* Your assignment *
Reproduce exactly, and only, the lines below from the one containing "destruct (th_2L th" through the one containing "apply kappa_of_inv_kappa2; auto.".

* Supplied data *
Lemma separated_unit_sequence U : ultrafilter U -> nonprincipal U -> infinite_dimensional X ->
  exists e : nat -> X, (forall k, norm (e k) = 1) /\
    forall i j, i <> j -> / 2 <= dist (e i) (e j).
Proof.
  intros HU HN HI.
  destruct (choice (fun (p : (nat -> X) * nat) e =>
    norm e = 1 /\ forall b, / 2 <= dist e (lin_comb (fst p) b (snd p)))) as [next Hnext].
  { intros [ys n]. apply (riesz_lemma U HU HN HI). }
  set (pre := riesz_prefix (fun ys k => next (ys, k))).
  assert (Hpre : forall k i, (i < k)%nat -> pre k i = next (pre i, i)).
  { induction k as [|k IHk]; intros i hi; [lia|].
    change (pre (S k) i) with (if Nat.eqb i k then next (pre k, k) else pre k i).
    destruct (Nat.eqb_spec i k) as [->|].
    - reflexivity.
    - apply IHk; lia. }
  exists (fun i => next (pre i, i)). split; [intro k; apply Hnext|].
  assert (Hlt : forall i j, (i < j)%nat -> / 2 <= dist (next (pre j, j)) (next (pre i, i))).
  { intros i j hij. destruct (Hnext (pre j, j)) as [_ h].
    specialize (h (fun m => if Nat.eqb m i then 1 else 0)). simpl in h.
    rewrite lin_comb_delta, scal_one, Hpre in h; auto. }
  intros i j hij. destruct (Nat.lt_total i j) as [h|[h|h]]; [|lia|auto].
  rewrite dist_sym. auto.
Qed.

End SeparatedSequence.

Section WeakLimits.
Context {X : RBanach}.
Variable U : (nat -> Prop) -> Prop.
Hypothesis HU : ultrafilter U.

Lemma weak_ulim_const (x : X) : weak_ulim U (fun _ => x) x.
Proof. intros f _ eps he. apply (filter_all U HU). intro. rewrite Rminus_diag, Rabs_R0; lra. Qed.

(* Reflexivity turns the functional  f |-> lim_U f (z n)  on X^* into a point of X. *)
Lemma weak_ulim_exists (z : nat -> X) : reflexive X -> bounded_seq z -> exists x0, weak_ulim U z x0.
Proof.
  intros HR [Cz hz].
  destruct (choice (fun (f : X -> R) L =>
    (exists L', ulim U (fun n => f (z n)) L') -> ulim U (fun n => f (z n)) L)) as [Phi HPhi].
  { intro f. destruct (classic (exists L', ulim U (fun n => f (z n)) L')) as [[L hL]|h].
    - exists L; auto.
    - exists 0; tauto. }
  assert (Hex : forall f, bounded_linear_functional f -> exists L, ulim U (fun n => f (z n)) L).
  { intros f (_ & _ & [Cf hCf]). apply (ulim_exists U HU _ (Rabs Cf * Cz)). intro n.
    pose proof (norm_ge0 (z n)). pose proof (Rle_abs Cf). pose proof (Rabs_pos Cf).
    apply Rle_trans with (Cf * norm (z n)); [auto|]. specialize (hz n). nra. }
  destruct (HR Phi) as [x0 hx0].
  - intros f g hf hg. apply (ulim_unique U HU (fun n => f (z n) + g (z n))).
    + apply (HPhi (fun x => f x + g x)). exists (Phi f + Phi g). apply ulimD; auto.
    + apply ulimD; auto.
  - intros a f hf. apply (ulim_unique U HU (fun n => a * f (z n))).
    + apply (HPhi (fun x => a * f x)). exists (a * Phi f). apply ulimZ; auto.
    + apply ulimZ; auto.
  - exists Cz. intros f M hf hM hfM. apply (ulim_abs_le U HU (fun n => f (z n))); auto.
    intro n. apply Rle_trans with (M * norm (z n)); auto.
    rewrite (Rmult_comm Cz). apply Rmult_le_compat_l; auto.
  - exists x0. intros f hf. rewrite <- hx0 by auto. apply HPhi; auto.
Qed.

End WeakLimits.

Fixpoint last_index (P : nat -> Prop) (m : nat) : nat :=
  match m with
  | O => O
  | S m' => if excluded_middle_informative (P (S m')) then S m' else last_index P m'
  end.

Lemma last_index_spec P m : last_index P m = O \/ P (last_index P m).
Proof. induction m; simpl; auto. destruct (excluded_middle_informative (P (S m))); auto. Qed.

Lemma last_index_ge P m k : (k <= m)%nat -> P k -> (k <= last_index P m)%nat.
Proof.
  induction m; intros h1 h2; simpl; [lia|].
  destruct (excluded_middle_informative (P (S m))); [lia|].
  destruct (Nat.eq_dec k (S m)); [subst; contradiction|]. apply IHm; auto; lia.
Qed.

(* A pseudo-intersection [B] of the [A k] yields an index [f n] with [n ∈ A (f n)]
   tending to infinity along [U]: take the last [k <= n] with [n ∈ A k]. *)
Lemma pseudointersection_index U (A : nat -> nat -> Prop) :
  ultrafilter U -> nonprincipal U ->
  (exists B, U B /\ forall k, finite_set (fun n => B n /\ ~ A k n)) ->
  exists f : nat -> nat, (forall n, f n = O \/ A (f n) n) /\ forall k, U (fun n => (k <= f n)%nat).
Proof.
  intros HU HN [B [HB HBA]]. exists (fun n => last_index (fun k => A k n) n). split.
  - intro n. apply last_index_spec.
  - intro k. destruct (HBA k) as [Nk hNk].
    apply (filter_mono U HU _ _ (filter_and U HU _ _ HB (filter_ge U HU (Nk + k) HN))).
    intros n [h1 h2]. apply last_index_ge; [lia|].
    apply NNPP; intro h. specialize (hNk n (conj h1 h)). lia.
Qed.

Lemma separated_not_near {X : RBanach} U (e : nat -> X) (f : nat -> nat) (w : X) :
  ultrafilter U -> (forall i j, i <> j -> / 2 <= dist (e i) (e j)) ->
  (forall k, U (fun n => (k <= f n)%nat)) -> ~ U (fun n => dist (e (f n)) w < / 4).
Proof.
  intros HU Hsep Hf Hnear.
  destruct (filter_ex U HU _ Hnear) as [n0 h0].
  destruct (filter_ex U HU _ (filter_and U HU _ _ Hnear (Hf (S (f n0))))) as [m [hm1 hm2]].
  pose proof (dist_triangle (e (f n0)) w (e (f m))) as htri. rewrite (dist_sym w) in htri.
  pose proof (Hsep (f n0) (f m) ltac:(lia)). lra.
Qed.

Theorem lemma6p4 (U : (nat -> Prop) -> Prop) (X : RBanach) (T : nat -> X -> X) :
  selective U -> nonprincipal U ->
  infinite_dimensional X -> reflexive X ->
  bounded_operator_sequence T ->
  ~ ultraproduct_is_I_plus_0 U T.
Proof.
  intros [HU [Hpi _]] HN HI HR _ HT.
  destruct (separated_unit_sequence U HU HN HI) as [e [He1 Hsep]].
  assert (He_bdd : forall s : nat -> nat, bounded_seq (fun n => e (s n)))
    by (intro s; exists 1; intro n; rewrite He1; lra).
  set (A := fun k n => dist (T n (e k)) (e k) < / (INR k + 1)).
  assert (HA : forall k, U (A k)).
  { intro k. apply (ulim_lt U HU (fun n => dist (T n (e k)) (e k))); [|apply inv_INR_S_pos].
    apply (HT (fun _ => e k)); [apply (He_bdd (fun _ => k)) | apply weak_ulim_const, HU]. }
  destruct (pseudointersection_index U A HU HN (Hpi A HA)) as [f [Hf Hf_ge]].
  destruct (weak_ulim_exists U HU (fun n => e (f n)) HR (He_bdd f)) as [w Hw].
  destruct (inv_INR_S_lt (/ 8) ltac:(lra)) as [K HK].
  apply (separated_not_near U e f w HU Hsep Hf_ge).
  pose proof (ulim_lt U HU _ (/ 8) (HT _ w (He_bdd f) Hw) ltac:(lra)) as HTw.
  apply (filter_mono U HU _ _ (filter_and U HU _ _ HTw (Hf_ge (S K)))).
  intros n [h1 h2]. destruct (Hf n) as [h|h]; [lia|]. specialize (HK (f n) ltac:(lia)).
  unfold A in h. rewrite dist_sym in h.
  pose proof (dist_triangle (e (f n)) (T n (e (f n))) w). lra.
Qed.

--

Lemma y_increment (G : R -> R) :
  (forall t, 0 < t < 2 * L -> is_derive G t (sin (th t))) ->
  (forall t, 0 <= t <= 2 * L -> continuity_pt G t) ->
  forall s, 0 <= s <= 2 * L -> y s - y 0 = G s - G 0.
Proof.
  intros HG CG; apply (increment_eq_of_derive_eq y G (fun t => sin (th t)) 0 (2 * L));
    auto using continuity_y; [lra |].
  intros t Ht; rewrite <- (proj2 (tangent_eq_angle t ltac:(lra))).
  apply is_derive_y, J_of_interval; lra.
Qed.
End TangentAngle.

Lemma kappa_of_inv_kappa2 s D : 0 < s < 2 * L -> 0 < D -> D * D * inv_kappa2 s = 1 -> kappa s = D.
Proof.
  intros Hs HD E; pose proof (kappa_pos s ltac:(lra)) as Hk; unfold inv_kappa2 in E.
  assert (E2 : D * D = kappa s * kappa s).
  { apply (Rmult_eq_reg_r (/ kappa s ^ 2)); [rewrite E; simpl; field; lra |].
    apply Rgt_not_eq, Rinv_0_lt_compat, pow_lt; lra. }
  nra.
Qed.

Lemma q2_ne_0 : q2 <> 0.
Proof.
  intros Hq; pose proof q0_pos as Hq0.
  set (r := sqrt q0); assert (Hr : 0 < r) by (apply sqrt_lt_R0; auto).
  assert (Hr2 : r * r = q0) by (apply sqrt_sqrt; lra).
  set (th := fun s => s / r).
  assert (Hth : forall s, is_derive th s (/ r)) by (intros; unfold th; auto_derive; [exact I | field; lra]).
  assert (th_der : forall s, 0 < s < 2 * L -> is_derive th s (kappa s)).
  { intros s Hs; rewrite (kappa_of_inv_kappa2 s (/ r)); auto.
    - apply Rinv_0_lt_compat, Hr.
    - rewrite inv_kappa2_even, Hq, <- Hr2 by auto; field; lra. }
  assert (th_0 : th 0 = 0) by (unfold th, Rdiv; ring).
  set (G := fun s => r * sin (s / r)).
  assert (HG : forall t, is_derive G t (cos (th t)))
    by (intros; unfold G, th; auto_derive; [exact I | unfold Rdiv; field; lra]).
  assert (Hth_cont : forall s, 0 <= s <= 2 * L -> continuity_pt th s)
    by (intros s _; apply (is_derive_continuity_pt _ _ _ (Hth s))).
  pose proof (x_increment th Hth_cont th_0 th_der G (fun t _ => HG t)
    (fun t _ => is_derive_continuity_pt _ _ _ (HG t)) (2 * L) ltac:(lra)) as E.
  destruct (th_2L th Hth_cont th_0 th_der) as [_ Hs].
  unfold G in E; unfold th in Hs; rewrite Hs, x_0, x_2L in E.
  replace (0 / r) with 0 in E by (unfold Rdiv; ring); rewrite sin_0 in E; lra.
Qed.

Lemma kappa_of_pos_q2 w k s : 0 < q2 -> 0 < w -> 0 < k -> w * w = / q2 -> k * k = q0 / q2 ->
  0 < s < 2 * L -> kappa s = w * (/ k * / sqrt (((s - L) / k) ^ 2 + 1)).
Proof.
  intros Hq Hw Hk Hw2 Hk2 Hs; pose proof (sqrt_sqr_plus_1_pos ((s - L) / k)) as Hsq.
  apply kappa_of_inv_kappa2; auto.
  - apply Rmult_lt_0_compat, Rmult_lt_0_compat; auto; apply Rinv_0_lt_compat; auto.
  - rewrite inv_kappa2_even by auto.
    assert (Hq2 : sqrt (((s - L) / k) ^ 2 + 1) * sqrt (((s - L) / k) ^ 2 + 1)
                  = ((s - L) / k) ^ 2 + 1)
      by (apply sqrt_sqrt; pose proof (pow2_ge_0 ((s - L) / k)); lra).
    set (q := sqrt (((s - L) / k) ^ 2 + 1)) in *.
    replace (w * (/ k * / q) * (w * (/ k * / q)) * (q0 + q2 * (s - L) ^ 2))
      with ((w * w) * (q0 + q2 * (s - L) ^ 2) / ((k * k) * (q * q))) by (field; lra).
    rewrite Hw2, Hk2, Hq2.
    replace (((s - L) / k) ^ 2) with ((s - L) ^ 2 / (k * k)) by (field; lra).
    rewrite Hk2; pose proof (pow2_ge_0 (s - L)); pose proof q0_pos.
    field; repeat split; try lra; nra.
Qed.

--

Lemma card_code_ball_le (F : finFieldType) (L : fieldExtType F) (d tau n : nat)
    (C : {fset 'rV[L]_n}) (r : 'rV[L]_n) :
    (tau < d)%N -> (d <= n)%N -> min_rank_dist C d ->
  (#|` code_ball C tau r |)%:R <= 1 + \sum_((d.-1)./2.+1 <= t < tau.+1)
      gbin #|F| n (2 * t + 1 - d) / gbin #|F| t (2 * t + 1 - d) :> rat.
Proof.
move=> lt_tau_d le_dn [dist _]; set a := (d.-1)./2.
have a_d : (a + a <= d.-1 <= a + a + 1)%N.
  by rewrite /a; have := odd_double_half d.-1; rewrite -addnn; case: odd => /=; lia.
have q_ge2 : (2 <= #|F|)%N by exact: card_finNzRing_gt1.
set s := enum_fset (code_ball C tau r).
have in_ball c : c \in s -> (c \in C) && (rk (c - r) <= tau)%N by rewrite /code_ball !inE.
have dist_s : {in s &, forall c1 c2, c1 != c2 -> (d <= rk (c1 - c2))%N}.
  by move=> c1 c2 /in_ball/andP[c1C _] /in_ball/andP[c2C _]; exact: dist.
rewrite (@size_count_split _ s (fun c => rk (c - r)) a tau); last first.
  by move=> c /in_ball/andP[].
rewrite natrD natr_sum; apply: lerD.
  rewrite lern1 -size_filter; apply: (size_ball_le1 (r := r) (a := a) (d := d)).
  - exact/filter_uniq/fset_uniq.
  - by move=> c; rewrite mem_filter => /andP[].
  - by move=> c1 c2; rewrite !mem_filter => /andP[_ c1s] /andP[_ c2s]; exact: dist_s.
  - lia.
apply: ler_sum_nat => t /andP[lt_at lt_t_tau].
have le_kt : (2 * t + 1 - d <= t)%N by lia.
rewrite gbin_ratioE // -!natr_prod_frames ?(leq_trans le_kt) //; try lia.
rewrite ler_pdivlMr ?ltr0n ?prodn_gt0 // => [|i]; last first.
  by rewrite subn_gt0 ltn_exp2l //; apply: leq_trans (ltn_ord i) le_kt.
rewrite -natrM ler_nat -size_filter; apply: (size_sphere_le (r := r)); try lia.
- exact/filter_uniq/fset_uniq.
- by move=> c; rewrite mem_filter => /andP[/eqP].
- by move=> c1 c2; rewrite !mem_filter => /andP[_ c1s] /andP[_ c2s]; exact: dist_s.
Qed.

* Task result *
  destruct (th_2L th Hth_cont th_0 th_der) as [_ Hs].
  unfold G in E; unfold th in Hs; rewrite Hs, x_0, x_2L in E.
  replace (0 / r) with 0 in E by (unfold Rdiv; ring); rewrite sin_0 in E; lra.
Qed.

Lemma kappa_of_pos_q2 w k s : 0 < q2 -> 0 < w -> 0 < k -> w * w = / q2 -> k * k = q0 / q2 ->
  0 < s < 2 * L -> kappa s = w * (/ k * / sqrt (((s - L) / k) ^ 2 + 1)).
Proof.
  intros Hq Hw Hk Hw2 Hk2 Hs; pose proof (sqrt_sqr_plus_1_pos ((s - L) / k)) as Hsq.
  apply kappa_of_inv_kappa2; auto.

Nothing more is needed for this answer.